▶ DATASET EXCERPTS:

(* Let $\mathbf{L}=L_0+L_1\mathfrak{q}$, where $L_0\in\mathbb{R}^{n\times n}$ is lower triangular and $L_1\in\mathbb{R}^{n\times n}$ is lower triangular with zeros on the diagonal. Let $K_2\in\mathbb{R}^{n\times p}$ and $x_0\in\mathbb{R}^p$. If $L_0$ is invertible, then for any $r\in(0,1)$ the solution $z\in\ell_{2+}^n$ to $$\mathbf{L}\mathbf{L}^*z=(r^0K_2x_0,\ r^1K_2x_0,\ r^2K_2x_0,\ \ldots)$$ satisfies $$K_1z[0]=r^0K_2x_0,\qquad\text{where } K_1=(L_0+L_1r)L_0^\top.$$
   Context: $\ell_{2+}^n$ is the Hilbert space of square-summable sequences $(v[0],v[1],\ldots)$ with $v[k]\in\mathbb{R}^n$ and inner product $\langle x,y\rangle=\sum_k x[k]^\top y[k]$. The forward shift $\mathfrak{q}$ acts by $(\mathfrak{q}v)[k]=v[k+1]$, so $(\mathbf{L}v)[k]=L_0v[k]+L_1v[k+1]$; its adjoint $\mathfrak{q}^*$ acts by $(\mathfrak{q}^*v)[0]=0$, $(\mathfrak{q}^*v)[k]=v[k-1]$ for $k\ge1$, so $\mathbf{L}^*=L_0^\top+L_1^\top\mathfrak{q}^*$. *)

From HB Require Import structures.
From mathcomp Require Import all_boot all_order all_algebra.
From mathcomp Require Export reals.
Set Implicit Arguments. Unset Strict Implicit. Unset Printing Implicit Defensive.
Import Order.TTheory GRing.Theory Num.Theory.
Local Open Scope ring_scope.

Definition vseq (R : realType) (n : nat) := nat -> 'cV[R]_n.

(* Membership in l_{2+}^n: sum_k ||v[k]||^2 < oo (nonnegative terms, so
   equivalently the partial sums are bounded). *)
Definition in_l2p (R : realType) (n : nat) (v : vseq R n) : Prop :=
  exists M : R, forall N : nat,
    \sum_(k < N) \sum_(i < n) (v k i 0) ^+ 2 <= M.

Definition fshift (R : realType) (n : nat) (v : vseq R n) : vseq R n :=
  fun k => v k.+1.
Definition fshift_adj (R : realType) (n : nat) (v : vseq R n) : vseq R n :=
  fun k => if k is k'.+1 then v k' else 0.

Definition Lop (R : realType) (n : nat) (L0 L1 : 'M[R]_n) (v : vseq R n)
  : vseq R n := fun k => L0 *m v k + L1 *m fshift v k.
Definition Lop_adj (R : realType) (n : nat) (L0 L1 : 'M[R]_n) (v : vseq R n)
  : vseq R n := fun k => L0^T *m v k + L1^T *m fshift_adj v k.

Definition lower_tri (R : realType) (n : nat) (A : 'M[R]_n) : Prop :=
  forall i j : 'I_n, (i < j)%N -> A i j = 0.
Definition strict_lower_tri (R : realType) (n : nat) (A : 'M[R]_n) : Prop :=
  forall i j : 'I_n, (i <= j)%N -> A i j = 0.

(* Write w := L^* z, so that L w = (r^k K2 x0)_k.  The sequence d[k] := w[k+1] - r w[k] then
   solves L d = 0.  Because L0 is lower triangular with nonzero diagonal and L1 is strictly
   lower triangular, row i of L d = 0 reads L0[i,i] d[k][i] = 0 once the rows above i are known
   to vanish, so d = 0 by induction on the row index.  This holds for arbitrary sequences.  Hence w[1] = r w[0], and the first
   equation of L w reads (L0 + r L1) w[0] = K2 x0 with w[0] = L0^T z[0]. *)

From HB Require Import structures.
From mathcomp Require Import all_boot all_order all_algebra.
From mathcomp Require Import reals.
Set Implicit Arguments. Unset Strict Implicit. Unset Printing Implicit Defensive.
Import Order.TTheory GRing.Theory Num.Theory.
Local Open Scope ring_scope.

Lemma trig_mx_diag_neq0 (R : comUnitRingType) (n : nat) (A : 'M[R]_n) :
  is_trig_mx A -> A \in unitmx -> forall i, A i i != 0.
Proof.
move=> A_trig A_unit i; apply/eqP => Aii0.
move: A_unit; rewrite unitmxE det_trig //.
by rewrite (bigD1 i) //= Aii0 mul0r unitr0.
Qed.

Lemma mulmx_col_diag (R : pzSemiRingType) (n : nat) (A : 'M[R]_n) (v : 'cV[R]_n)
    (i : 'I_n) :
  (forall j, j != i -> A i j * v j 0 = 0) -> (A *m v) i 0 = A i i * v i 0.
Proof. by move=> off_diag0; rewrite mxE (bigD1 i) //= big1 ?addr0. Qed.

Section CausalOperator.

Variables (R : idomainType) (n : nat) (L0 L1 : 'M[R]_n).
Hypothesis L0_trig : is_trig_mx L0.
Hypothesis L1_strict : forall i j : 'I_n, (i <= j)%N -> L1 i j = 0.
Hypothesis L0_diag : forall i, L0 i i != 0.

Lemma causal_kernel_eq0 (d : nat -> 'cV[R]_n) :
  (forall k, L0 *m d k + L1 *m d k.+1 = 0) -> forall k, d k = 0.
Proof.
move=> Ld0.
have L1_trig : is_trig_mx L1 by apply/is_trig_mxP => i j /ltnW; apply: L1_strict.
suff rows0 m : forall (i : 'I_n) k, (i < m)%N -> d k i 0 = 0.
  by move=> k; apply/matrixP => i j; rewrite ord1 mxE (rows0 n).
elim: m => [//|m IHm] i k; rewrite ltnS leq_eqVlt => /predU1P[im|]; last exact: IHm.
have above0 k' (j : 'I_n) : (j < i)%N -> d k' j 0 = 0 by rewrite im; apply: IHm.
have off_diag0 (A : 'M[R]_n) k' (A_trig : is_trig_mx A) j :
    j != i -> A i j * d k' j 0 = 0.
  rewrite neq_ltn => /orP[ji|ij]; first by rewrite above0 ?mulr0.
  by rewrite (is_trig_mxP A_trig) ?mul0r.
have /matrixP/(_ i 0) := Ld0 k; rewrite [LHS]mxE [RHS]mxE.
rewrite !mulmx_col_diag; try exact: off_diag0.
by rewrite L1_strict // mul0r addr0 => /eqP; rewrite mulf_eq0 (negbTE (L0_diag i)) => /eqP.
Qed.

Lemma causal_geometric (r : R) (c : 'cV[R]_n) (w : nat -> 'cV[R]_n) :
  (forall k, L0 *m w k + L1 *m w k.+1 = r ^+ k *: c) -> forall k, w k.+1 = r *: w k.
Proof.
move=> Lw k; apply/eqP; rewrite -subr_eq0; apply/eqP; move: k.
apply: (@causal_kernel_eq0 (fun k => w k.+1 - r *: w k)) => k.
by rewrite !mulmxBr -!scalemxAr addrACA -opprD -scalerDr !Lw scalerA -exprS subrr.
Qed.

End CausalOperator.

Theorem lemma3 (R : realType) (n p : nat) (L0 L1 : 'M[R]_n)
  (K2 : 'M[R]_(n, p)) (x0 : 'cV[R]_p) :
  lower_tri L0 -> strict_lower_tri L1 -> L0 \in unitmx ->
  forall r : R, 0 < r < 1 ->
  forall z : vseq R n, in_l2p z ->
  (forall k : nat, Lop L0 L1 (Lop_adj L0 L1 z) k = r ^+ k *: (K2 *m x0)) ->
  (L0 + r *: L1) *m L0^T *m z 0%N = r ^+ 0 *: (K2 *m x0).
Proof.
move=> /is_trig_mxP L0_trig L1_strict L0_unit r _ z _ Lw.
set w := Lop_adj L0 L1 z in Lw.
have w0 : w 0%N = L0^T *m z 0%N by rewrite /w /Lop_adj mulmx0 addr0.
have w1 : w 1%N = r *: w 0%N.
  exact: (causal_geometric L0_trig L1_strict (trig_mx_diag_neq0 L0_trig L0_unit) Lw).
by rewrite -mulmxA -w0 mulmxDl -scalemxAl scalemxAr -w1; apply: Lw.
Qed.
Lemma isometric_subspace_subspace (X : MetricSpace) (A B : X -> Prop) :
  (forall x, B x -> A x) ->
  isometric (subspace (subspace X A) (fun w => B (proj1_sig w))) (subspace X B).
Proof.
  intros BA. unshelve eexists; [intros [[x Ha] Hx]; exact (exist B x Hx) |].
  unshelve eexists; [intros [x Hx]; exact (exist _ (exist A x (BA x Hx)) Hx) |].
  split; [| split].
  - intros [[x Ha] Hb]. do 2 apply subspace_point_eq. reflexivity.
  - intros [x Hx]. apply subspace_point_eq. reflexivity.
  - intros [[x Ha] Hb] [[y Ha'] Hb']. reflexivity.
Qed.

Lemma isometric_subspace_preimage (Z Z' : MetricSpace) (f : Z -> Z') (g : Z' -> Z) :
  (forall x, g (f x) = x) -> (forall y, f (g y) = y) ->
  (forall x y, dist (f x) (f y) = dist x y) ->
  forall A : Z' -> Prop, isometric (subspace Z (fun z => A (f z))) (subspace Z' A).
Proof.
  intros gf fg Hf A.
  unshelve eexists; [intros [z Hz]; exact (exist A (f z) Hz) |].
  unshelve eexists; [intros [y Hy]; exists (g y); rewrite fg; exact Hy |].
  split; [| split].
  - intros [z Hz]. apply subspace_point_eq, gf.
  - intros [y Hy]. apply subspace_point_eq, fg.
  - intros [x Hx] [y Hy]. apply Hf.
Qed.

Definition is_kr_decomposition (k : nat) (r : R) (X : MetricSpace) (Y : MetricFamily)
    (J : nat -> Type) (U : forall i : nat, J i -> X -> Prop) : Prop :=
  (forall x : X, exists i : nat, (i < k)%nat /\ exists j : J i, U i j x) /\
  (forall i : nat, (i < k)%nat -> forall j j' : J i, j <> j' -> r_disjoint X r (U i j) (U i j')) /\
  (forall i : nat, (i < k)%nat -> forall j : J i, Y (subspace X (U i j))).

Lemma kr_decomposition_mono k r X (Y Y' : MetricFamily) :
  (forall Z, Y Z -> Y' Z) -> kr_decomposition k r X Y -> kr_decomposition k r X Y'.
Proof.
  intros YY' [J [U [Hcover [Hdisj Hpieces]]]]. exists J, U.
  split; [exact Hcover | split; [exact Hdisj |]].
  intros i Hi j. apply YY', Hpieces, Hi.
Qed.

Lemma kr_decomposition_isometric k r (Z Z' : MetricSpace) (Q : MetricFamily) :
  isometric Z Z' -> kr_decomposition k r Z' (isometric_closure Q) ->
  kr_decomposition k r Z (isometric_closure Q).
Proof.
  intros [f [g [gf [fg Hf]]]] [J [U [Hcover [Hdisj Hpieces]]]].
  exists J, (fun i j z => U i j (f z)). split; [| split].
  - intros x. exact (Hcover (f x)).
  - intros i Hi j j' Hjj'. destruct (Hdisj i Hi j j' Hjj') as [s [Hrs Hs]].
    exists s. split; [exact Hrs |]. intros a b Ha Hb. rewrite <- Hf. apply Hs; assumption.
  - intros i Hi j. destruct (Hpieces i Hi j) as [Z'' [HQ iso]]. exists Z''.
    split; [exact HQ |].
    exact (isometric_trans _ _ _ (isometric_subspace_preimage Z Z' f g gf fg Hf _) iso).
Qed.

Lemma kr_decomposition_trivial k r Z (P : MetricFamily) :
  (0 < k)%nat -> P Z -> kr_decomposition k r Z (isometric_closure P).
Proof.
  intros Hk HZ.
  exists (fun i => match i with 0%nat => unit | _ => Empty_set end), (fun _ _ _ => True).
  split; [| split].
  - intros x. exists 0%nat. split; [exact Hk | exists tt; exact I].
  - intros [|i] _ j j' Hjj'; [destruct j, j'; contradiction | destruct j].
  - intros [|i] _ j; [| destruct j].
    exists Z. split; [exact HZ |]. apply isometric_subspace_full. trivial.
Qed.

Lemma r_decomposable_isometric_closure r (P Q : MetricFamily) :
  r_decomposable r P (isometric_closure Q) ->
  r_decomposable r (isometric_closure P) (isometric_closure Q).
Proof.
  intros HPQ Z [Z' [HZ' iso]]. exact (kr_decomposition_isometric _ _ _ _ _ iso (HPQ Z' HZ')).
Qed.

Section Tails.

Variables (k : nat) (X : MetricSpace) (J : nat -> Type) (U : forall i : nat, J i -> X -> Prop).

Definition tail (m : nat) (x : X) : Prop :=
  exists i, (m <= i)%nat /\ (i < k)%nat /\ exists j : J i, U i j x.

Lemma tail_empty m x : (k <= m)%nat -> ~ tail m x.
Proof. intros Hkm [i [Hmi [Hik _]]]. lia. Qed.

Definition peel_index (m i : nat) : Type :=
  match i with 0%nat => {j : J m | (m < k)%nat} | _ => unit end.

▶ REQUIRED ACTION:
Run a filter over the data above and keep each line that contains the word "scalemxAr".

▶ RESULT OF THE TASK:
by rewrite !mulmxBr -!scalemxAr addrACA -opprD -scalerDr !Lw scalerA -exprS subrr.
by rewrite -mulmxA -w0 mulmxDl -scalemxAl scalemxAr -w1; apply: Lw.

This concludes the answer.